(* Let $h=\sqrt{\mathsf{min}(\mathsf{min}+4\mathsf{max})}-3\mathsf{min}$. When the characteristic functions range over $V_2$, the AMC-$h$ policy has a competitive ratio of $\frac{\mathsf{min}+\sqrt{\mathsf{min}(\mathsf{min}+4\mathsf{max})}}{2\mathsf{max}}$ for maximizing social welfare with respect to greedy players.
   Context: Players: a finite set $N=\{a_1,\dots,a_n\}$. A characteristic function is $v:2^N\to\mathbb{R}_{\ge 0}$ with $v(\emptyset)=0$. There are fixed, known constants $0<\mathsf{min}\le\mathsf{max}$ and every $v$ considered is monotone and bounded: $\mathsf{min}\le v(S)\le v(T)\le\mathsf{max}$ for all nonempty $S\subseteq T\subseteq N$. $V_2$ denotes the set of such $v$ with $2\mathsf{min}\le\mathsf{max}<3\mathsf{min}$. A coalition structure is a partition $C$ of $N$; its social welfare is $\mathsf{SW}(C\mid v)=\sum_{S\in C}v(S)$. Online process: an arrival order is a permutation $\pi=(\pi_1,\dots,\pi_n)$ of $N$; player $\pi_t$ arrives at time $t$; $\pi_{\prec t}$ is the set of players arriving before time $t$ and $\pi^{-1}(i)$ is the arrival time of $i$. For $S\subseteq N$, $\pi_{|S}$ denotes the players of $S$ in the relative order of $\pi$. Let $C^{t-1}$ be the coalition structure of players arrived before time $t$ ($C^0=\emptyset$). At time $t$, player $\pi_t$ either joins an existing coalition $S\in C^{t-1}$ or forms $\{\pi_t\}$ (choice $S=\emptyset$); decisions are never revised. A distribution policy $\varphi$ assigns to each coalition $S$ (with order $\pi_{|S}$) a split $(\varphi_i(S,\pi_{|S}))_{i\in S}$ of $v(S)$. AMC-$h$ policy (threshold $h\ge0$): when player $i$ joins coalition $S$, let $\mathsf{MC}_i=v((\pi_{\prec\pi^{-1}(i)}\cap S)\cup\{i\})-v(\pi_{\prec\pi^{-1}(i)}\cap S)$. If $\mathsf{MC}_i\le h$, all of $\mathsf{MC}_i$ is added to the share of the last player of $S$ who arrived before $i$; if $\mathsf{MC}_i>h$, that previous player additionally receives $h$ and $i$ receives $\mathsf{MC}_i-h$; if $i$ is the first player of her coalition, the ''previous player'' is $i$ herself (so she receives $v(\{i\})$). Shares already assigned are never reduced. Greedy players: $\pi_t$ chooses $S^*\in\arg\max_{S\in C^{t-1}\cup\{\emptyset\}}\varphi_{\pi_t}(S\cup\{\pi_t\},\pi_{|S\cup\{\pi_t\}})$, i.e. her share immediately after joining (predetermined tie-breaking). $C_g(v,\pi\mid\varphi)$ is the final structure. The competitive ratio over a class is $\alpha=\inf_{v,\pi}\mathsf{SW}(C_g(v,\pi\mid\varphi))/\max_C\mathsf{SW}(C\mid v)$, over $v$ in the class and all arrival orders $\pi$. *)

From HB Require Import structures.
From mathcomp Require Import classical_sets reals.
From mathcomp Require Import all_boot all_order all_algebra perm.
Set Implicit Arguments. Unset Strict Implicit. Unset Printing Implicit Defensive.
Import Order.TTheory GRing.Theory Num.Theory.
Local Open Scope ring_scope.

Section Game.
Variable R : realType.

(* v in V_2 (conditions on v; the conditions 0<min, 2min <= max < 3min on the
   constants are hypotheses of the theorem). *)
Definition inV (mn mx : R) n (v : {set 'I_n} -> R) : Prop :=
  v set0 = 0 /\
  forall S T : {set 'I_n}, S != set0 -> S \subset T ->
    mn <= v S /\ v S <= v T /\ v T <= mx.

Definition hthr (mn mx : R) : R := Num.sqrt (mn * (mn + 4 * mx)) - 3 * mn.

(* A coalition is stored as the sequence of its members in arrival order;
   a (partial) coalition structure is a sequence of coalitions. *)
Definition members n (s : seq 'I_n) : {set 'I_n} := [set x in s].

(* AMC-h: share of player i immediately after joining the coalition s
   (s = [::] means forming a new singleton coalition). *)
Definition amc_share (h : R) n (v : {set 'I_n} -> R) (s : seq 'I_n) (i : 'I_n) : R :=
  if s is [::] then v [set i]
  else let MC := v (i |: members s) - v (members s) in
       if MC <= h then 0 else MC - h.

(* Options at a step: k < size st means "join coalition number k",
   k = size st means "form a new coalition". *)
Definition option_coal n (st : seq (seq 'I_n)) (k : nat) : seq 'I_n :=
  if (k < size st)%N then nth [::] st k else [::].

Definition best_options (h : R) n (v : {set 'I_n} -> R)
    (st : seq (seq 'I_n)) (i : 'I_n) : seq nat :=
  let cands := iota 0 (size st).+1 in
  let pay k := amc_share h v (option_coal st k) i in
  [seq k <- cands | all (fun k' => pay k' <= pay k) cands].

(* A predetermined tie-breaking rule: given the current structure, the arriving
   player and the list of maximizing options, it selects one of them (if it
   returns something outside the list, the first maximizing option is used). *)
Definition tiebreak := forall n : nat, seq (seq 'I_n) -> 'I_n -> seq nat -> nat.

Definition greedy_step (h : R) (tb : tiebreak) n (v : {set 'I_n} -> R)
    (st : seq (seq 'I_n)) (i : 'I_n) : seq (seq 'I_n) :=
  let l := best_options h v st i in
  let k := if tb n st i l \in l then tb n st i l else head 0%N l in
  if (k < size st)%N then set_nth [::] st k (rcons (nth [::] st k) i)
  else rcons st [:: i].

Definition greedy_outcome (h : R) (tb : tiebreak) n (v : {set 'I_n} -> R)
    (pi : {perm 'I_n}) : seq (seq 'I_n) :=
  foldl (greedy_step h tb v) [::] [seq pi t | t <- enum 'I_n].

Definition SW_greedy (h : R) (tb : tiebreak) n (v : {set 'I_n} -> R)
    (pi : {perm 'I_n}) : R :=
  \sum_(s <- greedy_outcome h tb v pi) v (members s).

Definition SW n (v : {set 'I_n} -> R) (C : {set {set 'I_n}}) : R :=
  \sum_(S in C) v S.

Definition OPT n (v : {set 'I_n} -> R) : R :=
  \big[Num.max/0]_(C : {set {set 'I_n}} | partition C [set: 'I_n]) SW v C.

End Game.

(* Under AMC-h with mx < 3 mn a greedy player never joins a coalition of two
   (her share would be below mn <= v{i}), and she joins a singleton {a} only if
   v{a,i} >= v{a} + v{i} + h.  So the greedy structure consists of singletons
   and such h-superadditive pairs, and no two singletons form one.  Charge every
   player the average value of her greedy coalition: the charges add up to the
   greedy welfare, and every coalition T of any partition has
   2 mn v(T) <= (2 mn + h) (charges of T).  The cases |T| = 1 and |T| = 2 are
   balanced exactly by (2 mn + h) (4 mn + h) = 4 mn mx, which is how h is chosen.
   Conversely, two players with v{a,b} = 2 mn + t, t < h, stay apart, so the
   ratio 2 mn / (2 mn + h) = (mn + sqrt (mn (mn + 4 mx))) / (2 mx) is approached. *)

From mathcomp Require Import all_boot all_order all_algebra perm.
From mathcomp Require Import classical_sets reals.
From mathcomp Require Import lra.
(* [classical_sets] shadows [set0], [setUC], [partition], ... of [finset], which
   are therefore qualified below. *)
Import Order.TTheory GRing.Theory Num.Theory.
Set Implicit Arguments. Unset Strict Implicit. Unset Printing Implicit Defensive.
Local Open Scope ring_scope.

Lemma mem_set_nth (T : eqType) (x0 y x : T) s k :
  (k < size s)%N -> x \in set_nth x0 s k y -> (x == y) || (x \in s).
Proof.
move=> lt_k; rewrite set_nthE lt_k mem_cat inE => /or3P[xs | -> // | xs].
  by rewrite (mem_take xs) orbT.
by rewrite (mem_drop xs) orbT.
Qed.

Lemma perm_flatten_set_nth_rcons (T : eqType) (ss : seq (seq T)) k x :
  (k < size ss)%N ->
  perm_eq (flatten (set_nth [::] ss k (rcons (nth [::] ss k) x)))
          (rcons (flatten ss) x).
Proof.
move=> lt_k; rewrite set_nthE lt_k.
rewrite -[ss in rcons (flatten ss) x](cat_take_drop k ss) (drop_nth [::] lt_k).
rewrite !flatten_cat /= rcons_cat perm_cat2l cat_rcons rcons_cat perm_cat2l.
by rewrite perm_sym perm_rcons.
Qed.

Lemma members1 n (a : 'I_n) : members [:: a] = [set a].
Proof. by apply/setP => x; rewrite !inE. Qed.

Lemma members2 n (a b : 'I_n) : members [:: a; b] = [set a; b].
Proof. by apply/setP => x; rewrite !inE. Qed.

Section GreedyChoice.
Variables (R : realType) (h : R) (tb : tiebreak) (n : nat) (v : {set 'I_n} -> R).

Local Notation pay st i k := (amc_share h v (option_coal st k) i).

Lemma best_optionsP st i k : k \in best_options h v st i ->
  (k <= size st)%N /\ forall k', (k' <= size st)%N -> pay st i k' <= pay st i k.
Proof.
rewrite mem_filter mem_iota ltnS => /andP[/allP k_max k_le]; split=> // k' k'_le.
by apply: k_max; rewrite mem_iota ltnS.
Qed.

Lemma best_options_neq0 st i : best_options h v st i != [::].
Proof.
have [k _ k_max] := @arg_maxP _ R 'I_(size st).+1 ord0 xpredT
  (fun k : 'I_(size st).+1 => pay st i k) isT.
rewrite -has_filter; apply/hasP; exists (val k); first by rewrite mem_iota ltn_ord.
apply/allP => k'; rewrite mem_iota add0n => /andP[_ lt_k'].
exact: (k_max (Ordinal lt_k')).
Qed.

Variant greedy_step_spec st i : seq (seq 'I_n) -> Prop :=
| GreedyJoin k of (k < size st)%N &
    (forall k', (k' <= size st)%N -> pay st i k' <= pay st i k) :
    greedy_step_spec st i (set_nth [::] st k (rcons (nth [::] st k) i))
| GreedyAlone of (forall k', (k' <= size st)%N -> pay st i k' <= v [set i]) :
    greedy_step_spec st i (rcons st [:: i]).

Lemma greedy_stepP st i : greedy_step_spec st i (greedy_step h tb v st i).
Proof.
rewrite /greedy_step; set l := best_options h v st i.
set k := if _ \in l then _ else _.
have /best_optionsP[le_k k_max] : k \in l.
  rewrite /k; case: ifP => // _.
  by rewrite -nth0 mem_nth // lt0n size_eq0 best_options_neq0.
case: ltnP => [lt_k | ge_k]; first exact: GreedyJoin.
have k_eq : k = size st by apply/eqP; rewrite eqn_leq le_k.
by apply: GreedyAlone => k' /k_max; rewrite k_eq /option_coal ltnn.
Qed.

Lemma greedy_step_nil i : greedy_step h tb v [::] i = [:: [:: i]].
Proof. by case: greedy_stepP. Qed.

Lemma greedy_step_apart a i : amc_share h v [:: a] i < v [set i] ->
  greedy_step h tb v [:: [:: a]] i = [:: [:: a]; [:: i]].
Proof.
move=> lt_join; case: greedy_stepP => // -[|//] _ /(_ 1%N isT).
by rewrite /option_coal /= leNgt lt_join.
Qed.

Lemma perm_flatten_greedy_step st i :
  perm_eq (flatten (greedy_step h tb v st i)) (rcons (flatten st) i).
Proof.
case: greedy_stepP => [k lt_k _ | _]; first exact: perm_flatten_set_nth_rcons.
by rewrite flatten_rcons cats1.
Qed.

Lemma perm_flatten_foldl_greedy_step st s :
  perm_eq (flatten (foldl (greedy_step h tb v) st s)) (flatten st ++ s).
Proof.
elim: s st => [|i s IHs] st /=; first by rewrite cats0.
apply: perm_trans (IHs _) _; rewrite -cat_rcons perm_cat2r.
exact: perm_flatten_greedy_step.
Qed.

Lemma mem_greedy_outcome pi i : i \in flatten (greedy_outcome h tb v pi).
Proof.
rewrite (perm_mem (perm_flatten_foldl_greedy_step _ _)) /=.
by apply/mapP; exists (perm_inv pi i); rewrite ?mem_enum ?permKV.
Qed.

End GreedyChoice.

Definition avg_value (R : realType) n (v : {set 'I_n} -> R) (s : seq 'I_n) : R :=
  v (members s) / #|members s|%:R.

Definition charge (R : realType) n (v : {set 'I_n} -> R) (G : seq (seq 'I_n))
    (i : 'I_n) : R :=
  \sum_(s <- G | i \in s) avg_value v s.

Section Charges.
Variables (R : realType) (n : nat) (v : {set 'I_n} -> R).

Lemma avg_value1 (a : 'I_n) : avg_value v [:: a] = v [set a].
Proof. by rewrite /avg_value members1 cards1 divr1. Qed.

Lemma avg_value2 (a b : 'I_n) : a != b -> avg_value v [:: a; b] = v [set a; b] / 2.
Proof. by move=> ab; rewrite /avg_value members2 cards2 ab. Qed.

Lemma sum_charge (G : seq (seq 'I_n)) : v finset.set0 = 0 ->
  \sum_i charge v G i = \sum_(s <- G) v (members s).
Proof.
move=> v0; rewrite /charge; under eq_bigr do rewrite big_mkcond /=.
rewrite exchange_big /=; apply: eq_bigr => s _; rewrite -big_mkcond /=.
rewrite (eq_bigl (fun i => i \in members s)); last by move=> i; rewrite inE.
rewrite sumr_const /avg_value; have [/cards0_eq-> | s_gt0] := posnP #|members s|.
  by rewrite v0 mul0r mul0rn.
by rewrite -(mulr_natr (v _ / _)) divfK // pnatr_eq0 -lt0n.
Qed.

Lemma avg_value_le_charge (G : seq (seq 'I_n)) s (i : 'I_n) :
  (forall S, 0 <= v S) -> s \in G -> i \in s -> avg_value v s <= charge v G i.
Proof.
move=> v_ge0 sG i_s; rewrite /charge (big_rem s sG) i_s lerDl.
by apply: sumr_ge0 => s' _; rewrite divr_ge0.
Qed.

End Charges.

══════════════════════════════

— Work item —
Within the listing above, give again exactly every line from the line with "Lemma mem_set_nth (T" through the line with "<= pay st i k)", both included, and no other line.

— Task response —
Lemma mem_set_nth (T : eqType) (x0 y x : T) s k :
  (k < size s)%N -> x \in set_nth x0 s k y -> (x == y) || (x \in s).
Proof.
move=> lt_k; rewrite set_nthE lt_k mem_cat inE => /or3P[xs | -> // | xs].
  by rewrite (mem_take xs) orbT.
by rewrite (mem_drop xs) orbT.
Qed.

Lemma perm_flatten_set_nth_rcons (T : eqType) (ss : seq (seq T)) k x :
  (k < size ss)%N ->
  perm_eq (flatten (set_nth [::] ss k (rcons (nth [::] ss k) x)))
          (rcons (flatten ss) x).
Proof.
move=> lt_k; rewrite set_nthE lt_k.
rewrite -[ss in rcons (flatten ss) x](cat_take_drop k ss) (drop_nth [::] lt_k).
rewrite !flatten_cat /= rcons_cat perm_cat2l cat_rcons rcons_cat perm_cat2l.
by rewrite perm_sym perm_rcons.
Qed.

Lemma members1 n (a : 'I_n) : members [:: a] = [set a].
Proof. by apply/setP => x; rewrite !inE. Qed.

Lemma members2 n (a b : 'I_n) : members [:: a; b] = [set a; b].
Proof. by apply/setP => x; rewrite !inE. Qed.

Section GreedyChoice.
Variables (R : realType) (h : R) (tb : tiebreak) (n : nat) (v : {set 'I_n} -> R).

Local Notation pay st i k := (amc_share h v (option_coal st k) i).

Lemma best_optionsP st i k : k \in best_options h v st i ->
  (k <= size st)%N /\ forall k', (k' <= size st)%N -> pay st i k' <= pay st i k.
Proof.
rewrite mem_filter mem_iota ltnS => /andP[/allP k_max k_le]; split=> // k' k'_le.
by apply: k_max; rewrite mem_iota ltnS.
Qed.

Lemma best_options_neq0 st i : best_options h v st i != [::].
Proof.
have [k _ k_max] := @arg_maxP _ R 'I_(size st).+1 ord0 xpredT
  (fun k : 'I_(size st).+1 => pay st i k) isT.
rewrite -has_filter; apply/hasP; exists (val k); first by rewrite mem_iota ltn_ord.
apply/allP => k'; rewrite mem_iota add0n => /andP[_ lt_k'].
exact: (k_max (Ordinal lt_k')).
Qed.

Variant greedy_step_spec st i : seq (seq 'I_n) -> Prop :=
| GreedyJoin k of (k < size st)%N &
    (forall k', (k' <= size st)%N -> pay st i k' <= pay st i k) :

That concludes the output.